EXERCISE DETAILS >> Among the records below, find the line that has "by rewrite -sqrtr_sqr;"; from there, give the lines again exactly, and stop after the line that has "have [p_le0|p_gt0] := leP (signed_dist x) 0.".

WORKING DATA >>
======
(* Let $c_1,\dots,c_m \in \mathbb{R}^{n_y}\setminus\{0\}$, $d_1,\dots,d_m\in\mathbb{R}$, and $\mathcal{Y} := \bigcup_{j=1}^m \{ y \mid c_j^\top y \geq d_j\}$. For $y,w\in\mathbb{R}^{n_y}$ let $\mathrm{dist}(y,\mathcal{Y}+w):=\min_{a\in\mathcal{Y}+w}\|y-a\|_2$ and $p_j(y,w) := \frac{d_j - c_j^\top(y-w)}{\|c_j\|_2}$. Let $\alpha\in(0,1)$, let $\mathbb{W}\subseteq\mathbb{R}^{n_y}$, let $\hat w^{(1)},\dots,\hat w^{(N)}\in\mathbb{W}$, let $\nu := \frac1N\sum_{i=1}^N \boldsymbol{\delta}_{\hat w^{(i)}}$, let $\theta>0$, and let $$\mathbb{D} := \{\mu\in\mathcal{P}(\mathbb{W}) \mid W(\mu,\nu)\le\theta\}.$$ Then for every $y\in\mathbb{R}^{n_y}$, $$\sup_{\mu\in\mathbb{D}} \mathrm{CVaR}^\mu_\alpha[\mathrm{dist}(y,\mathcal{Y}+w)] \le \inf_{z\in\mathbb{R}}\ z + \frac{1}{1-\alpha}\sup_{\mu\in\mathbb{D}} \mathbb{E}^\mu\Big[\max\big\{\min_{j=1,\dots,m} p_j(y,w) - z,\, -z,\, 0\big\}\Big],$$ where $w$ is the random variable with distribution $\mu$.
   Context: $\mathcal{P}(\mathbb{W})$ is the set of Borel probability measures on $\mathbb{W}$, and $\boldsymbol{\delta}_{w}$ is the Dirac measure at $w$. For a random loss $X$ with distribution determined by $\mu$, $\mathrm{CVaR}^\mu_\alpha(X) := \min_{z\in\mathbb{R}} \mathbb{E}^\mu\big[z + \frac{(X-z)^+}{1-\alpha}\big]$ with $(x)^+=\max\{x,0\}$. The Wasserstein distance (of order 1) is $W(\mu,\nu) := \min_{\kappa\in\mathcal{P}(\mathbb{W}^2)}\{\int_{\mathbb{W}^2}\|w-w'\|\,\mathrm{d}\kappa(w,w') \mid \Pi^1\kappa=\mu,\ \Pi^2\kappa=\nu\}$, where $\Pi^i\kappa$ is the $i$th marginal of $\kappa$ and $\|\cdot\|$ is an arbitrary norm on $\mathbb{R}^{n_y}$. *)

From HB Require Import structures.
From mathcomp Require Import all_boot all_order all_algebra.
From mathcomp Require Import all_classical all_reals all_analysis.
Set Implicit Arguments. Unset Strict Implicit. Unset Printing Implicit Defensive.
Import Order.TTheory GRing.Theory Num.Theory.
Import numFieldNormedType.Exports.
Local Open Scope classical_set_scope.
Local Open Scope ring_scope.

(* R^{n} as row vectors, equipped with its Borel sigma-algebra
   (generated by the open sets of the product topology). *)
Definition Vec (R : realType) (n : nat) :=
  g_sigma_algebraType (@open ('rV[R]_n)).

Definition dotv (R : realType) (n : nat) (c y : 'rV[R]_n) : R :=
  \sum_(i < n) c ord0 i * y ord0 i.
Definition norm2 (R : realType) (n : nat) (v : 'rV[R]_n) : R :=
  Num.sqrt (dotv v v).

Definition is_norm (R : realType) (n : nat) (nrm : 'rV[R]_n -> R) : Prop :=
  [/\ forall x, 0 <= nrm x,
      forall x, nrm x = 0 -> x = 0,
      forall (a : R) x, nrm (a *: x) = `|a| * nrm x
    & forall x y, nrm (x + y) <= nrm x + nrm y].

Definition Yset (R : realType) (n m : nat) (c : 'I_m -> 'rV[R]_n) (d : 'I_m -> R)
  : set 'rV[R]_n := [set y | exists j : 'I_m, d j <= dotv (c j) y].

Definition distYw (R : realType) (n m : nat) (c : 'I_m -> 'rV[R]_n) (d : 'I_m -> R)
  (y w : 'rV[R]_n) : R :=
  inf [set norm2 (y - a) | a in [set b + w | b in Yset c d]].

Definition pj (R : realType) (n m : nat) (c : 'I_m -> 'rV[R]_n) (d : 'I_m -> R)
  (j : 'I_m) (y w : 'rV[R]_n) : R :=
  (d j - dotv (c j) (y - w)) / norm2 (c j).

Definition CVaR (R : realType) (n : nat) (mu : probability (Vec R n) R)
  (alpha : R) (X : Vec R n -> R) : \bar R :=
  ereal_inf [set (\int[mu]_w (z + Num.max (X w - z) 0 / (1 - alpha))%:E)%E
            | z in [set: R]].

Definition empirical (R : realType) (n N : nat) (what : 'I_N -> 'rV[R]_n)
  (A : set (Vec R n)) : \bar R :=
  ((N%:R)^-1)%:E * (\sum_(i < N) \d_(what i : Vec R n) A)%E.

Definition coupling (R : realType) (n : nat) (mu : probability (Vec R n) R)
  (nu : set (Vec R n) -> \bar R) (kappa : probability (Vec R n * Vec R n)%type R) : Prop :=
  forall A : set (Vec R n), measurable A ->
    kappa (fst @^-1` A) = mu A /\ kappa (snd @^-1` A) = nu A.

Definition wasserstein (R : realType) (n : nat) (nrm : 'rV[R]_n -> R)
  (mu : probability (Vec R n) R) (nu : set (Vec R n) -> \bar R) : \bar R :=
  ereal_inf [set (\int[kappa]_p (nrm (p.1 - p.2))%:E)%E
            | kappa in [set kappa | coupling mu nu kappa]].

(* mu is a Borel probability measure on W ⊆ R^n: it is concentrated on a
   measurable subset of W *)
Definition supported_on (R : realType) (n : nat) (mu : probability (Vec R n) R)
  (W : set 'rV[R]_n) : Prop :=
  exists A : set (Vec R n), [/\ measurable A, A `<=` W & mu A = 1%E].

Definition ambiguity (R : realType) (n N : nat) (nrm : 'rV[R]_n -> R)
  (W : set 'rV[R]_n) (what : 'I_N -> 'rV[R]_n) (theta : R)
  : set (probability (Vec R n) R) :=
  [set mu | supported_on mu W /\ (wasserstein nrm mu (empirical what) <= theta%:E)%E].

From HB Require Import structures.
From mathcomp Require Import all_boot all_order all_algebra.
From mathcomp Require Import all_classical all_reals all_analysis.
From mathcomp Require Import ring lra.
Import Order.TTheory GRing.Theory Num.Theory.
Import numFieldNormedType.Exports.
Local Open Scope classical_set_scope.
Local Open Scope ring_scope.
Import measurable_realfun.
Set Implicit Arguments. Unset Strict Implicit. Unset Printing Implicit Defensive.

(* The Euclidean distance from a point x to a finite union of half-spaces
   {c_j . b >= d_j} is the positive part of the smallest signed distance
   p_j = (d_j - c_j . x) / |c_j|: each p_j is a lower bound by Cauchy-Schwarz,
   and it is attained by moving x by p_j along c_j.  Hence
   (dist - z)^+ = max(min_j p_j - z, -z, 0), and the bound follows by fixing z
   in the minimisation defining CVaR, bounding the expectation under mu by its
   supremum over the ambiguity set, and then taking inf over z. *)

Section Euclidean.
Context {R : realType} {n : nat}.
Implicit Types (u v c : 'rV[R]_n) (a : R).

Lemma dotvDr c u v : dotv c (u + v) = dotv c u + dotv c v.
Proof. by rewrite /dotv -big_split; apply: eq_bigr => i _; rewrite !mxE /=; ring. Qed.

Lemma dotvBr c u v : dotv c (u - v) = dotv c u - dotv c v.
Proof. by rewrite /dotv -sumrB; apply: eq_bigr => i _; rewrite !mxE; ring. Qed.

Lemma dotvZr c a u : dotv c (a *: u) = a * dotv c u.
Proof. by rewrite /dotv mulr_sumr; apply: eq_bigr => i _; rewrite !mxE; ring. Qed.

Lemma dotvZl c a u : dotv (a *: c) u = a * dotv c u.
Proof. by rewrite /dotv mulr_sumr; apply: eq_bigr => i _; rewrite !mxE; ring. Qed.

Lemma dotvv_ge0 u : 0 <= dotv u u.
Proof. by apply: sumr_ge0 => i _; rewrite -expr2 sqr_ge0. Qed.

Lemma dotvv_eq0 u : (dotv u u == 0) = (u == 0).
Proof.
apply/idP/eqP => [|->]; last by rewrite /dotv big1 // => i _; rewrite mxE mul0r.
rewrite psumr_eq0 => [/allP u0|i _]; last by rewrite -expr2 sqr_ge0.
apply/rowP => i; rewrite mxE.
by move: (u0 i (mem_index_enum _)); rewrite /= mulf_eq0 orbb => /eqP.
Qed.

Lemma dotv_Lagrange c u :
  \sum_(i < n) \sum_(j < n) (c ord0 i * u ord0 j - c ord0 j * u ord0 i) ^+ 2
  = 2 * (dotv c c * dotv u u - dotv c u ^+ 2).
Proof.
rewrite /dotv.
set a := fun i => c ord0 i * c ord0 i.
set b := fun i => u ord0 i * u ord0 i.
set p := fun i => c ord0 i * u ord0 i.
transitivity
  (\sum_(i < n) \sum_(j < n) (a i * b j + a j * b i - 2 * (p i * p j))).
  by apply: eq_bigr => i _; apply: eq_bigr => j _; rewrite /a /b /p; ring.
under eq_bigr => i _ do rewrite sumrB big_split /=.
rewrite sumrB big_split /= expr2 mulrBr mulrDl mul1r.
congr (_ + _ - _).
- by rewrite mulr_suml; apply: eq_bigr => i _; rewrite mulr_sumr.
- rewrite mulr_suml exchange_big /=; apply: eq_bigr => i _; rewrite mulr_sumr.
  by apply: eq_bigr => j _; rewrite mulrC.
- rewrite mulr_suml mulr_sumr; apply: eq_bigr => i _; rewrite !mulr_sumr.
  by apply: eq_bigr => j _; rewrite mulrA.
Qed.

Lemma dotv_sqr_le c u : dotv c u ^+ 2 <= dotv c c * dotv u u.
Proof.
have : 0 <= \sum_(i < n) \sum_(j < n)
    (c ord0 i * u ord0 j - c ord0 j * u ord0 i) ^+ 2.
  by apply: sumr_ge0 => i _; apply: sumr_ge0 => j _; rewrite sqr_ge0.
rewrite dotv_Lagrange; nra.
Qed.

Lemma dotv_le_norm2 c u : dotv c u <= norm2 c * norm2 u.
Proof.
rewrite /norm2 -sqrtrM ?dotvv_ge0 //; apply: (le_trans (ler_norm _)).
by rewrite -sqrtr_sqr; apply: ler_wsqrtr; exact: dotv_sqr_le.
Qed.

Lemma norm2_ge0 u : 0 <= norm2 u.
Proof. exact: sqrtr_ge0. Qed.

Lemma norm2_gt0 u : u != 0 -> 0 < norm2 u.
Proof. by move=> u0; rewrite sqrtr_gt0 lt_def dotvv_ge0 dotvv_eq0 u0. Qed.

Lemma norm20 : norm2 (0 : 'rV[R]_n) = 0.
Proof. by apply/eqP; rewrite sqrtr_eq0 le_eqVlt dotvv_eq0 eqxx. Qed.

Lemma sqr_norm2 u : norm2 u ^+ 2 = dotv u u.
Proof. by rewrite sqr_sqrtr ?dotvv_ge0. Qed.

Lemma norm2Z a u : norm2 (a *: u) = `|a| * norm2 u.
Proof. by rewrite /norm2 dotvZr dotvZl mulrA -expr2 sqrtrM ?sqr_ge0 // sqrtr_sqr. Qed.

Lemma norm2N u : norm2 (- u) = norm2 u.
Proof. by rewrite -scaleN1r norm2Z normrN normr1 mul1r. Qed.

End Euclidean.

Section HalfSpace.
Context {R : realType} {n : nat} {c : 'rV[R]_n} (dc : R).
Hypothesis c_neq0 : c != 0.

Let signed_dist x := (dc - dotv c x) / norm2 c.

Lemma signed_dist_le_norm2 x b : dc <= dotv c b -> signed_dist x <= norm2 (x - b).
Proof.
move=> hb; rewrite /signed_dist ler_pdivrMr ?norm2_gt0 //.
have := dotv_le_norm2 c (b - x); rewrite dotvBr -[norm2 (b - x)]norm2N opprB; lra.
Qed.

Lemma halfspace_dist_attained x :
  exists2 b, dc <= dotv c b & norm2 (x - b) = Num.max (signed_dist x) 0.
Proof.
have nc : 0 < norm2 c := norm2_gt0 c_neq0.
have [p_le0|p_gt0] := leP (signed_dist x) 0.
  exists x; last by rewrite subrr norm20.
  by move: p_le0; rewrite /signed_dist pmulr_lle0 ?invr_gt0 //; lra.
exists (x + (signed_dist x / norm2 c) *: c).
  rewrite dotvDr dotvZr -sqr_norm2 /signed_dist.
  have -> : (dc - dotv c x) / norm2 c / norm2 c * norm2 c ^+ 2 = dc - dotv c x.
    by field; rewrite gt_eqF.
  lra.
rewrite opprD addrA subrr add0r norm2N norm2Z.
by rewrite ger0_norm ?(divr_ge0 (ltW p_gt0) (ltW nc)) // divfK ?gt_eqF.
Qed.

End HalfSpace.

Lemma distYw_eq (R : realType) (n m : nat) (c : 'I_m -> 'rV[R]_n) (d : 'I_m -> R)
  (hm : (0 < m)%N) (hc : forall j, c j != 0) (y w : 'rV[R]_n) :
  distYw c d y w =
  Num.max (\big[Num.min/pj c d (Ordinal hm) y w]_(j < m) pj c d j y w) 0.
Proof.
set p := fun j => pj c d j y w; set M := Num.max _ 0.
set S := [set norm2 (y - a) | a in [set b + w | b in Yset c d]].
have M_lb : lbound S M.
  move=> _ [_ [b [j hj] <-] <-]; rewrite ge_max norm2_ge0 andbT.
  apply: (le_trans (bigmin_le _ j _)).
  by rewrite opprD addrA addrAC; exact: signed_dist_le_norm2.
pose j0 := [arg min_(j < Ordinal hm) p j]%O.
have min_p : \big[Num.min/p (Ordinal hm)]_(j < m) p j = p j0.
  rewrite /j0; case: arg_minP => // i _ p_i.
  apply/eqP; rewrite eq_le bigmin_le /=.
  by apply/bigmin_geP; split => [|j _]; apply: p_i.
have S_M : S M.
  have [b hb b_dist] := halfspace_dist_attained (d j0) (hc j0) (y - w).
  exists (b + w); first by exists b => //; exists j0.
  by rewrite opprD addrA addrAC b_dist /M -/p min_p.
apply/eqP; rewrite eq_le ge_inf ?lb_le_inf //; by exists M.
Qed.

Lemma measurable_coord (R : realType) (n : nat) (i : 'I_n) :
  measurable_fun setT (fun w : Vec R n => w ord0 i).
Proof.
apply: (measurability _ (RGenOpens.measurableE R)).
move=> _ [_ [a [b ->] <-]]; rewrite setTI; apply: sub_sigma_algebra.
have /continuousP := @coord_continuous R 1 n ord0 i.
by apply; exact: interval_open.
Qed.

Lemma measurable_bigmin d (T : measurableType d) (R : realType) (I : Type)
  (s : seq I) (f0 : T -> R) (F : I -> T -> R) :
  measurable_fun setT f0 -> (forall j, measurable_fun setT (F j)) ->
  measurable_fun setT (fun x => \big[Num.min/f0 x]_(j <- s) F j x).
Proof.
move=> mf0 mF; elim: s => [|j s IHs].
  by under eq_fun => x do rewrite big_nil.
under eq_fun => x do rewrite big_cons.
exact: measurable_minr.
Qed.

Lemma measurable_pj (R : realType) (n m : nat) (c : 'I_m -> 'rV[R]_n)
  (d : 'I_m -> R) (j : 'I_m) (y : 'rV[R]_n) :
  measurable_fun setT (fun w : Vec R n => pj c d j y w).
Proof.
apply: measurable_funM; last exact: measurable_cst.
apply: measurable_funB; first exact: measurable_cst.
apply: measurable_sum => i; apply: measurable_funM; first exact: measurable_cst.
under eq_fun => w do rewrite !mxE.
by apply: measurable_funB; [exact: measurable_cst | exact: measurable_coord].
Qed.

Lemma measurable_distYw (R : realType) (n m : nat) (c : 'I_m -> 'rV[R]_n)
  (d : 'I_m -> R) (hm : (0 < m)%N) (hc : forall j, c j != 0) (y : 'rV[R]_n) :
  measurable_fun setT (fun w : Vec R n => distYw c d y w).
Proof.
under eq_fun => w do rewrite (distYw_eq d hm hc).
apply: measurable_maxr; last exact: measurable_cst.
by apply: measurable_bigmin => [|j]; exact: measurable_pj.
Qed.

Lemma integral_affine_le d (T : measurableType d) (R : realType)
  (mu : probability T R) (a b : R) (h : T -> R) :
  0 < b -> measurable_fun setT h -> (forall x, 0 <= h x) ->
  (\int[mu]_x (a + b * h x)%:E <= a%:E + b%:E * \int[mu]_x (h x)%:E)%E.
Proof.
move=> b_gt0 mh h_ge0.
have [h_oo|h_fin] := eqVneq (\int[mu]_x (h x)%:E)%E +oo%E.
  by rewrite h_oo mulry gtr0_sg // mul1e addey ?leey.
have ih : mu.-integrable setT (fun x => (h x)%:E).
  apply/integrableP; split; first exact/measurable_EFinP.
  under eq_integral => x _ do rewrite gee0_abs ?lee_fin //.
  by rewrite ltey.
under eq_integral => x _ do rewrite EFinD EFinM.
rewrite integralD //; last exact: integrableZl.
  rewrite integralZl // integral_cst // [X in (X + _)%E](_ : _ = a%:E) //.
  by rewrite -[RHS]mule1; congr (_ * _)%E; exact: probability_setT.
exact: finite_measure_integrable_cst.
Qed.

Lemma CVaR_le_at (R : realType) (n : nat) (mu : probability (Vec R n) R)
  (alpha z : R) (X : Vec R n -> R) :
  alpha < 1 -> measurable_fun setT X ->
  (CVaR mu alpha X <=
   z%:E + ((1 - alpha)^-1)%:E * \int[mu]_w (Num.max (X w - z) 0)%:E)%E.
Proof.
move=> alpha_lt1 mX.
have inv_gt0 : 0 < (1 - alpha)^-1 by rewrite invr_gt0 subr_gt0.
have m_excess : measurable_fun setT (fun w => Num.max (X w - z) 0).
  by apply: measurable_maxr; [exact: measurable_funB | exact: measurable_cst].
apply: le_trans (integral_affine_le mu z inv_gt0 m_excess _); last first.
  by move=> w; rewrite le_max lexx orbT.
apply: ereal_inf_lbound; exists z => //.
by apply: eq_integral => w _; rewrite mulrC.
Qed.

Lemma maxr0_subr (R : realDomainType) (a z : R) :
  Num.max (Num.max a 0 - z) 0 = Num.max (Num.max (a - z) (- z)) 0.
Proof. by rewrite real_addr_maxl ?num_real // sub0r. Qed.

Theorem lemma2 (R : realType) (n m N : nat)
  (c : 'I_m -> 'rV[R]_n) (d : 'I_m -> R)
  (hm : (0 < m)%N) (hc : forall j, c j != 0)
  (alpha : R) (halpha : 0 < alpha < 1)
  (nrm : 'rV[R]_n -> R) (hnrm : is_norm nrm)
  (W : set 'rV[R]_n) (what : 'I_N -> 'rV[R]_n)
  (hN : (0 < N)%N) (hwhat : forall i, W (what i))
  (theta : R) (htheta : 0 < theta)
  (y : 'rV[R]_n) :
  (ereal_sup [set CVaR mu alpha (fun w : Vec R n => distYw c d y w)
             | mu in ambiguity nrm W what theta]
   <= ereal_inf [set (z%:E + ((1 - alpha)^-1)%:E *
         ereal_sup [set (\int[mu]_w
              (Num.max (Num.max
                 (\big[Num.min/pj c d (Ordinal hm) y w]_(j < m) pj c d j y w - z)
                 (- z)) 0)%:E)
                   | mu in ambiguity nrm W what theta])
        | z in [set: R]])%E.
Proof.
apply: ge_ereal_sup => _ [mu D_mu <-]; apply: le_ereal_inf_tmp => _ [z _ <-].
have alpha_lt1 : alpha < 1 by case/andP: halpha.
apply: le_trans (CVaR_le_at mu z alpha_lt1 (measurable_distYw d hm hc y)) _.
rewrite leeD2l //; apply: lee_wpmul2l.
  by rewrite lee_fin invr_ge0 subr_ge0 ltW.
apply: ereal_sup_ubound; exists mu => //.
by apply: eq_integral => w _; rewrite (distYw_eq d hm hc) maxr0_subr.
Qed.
======
ANSWER BELOW >>
by rewrite -sqrtr_sqr; apply: ler_wsqrtr; exact: dotv_sqr_le.
Qed.

Lemma norm2_ge0 u : 0 <= norm2 u.
Proof. exact: sqrtr_ge0. Qed.

Lemma norm2_gt0 u : u != 0 -> 0 < norm2 u.
Proof. by move=> u0; rewrite sqrtr_gt0 lt_def dotvv_ge0 dotvv_eq0 u0. Qed.

Lemma norm20 : norm2 (0 : 'rV[R]_n) = 0.
Proof. by apply/eqP; rewrite sqrtr_eq0 le_eqVlt dotvv_eq0 eqxx. Qed.

Lemma sqr_norm2 u : norm2 u ^+ 2 = dotv u u.
Proof. by rewrite sqr_sqrtr ?dotvv_ge0. Qed.

Lemma norm2Z a u : norm2 (a *: u) = `|a| * norm2 u.
Proof. by rewrite /norm2 dotvZr dotvZl mulrA -expr2 sqrtrM ?sqr_ge0 // sqrtr_sqr. Qed.

Lemma norm2N u : norm2 (- u) = norm2 u.
Proof. by rewrite -scaleN1r norm2Z normrN normr1 mul1r. Qed.

End Euclidean.

Section HalfSpace.
Context {R : realType} {n : nat} {c : 'rV[R]_n} (dc : R).
Hypothesis c_neq0 : c != 0.

Let signed_dist x := (dc - dotv c x) / norm2 c.

Lemma signed_dist_le_norm2 x b : dc <= dotv c b -> signed_dist x <= norm2 (x - b).
Proof.
move=> hb; rewrite /signed_dist ler_pdivrMr ?norm2_gt0 //.
have := dotv_le_norm2 c (b - x); rewrite dotvBr -[norm2 (b - x)]norm2N opprB; lra.
Qed.

Lemma halfspace_dist_attained x :
  exists2 b, dc <= dotv c b & norm2 (x - b) = Num.max (signed_dist x) 0.
Proof.
have nc : 0 < norm2 c := norm2_gt0 c_neq0.
have [p_le0|p_gt0] := leP (signed_dist x) 0.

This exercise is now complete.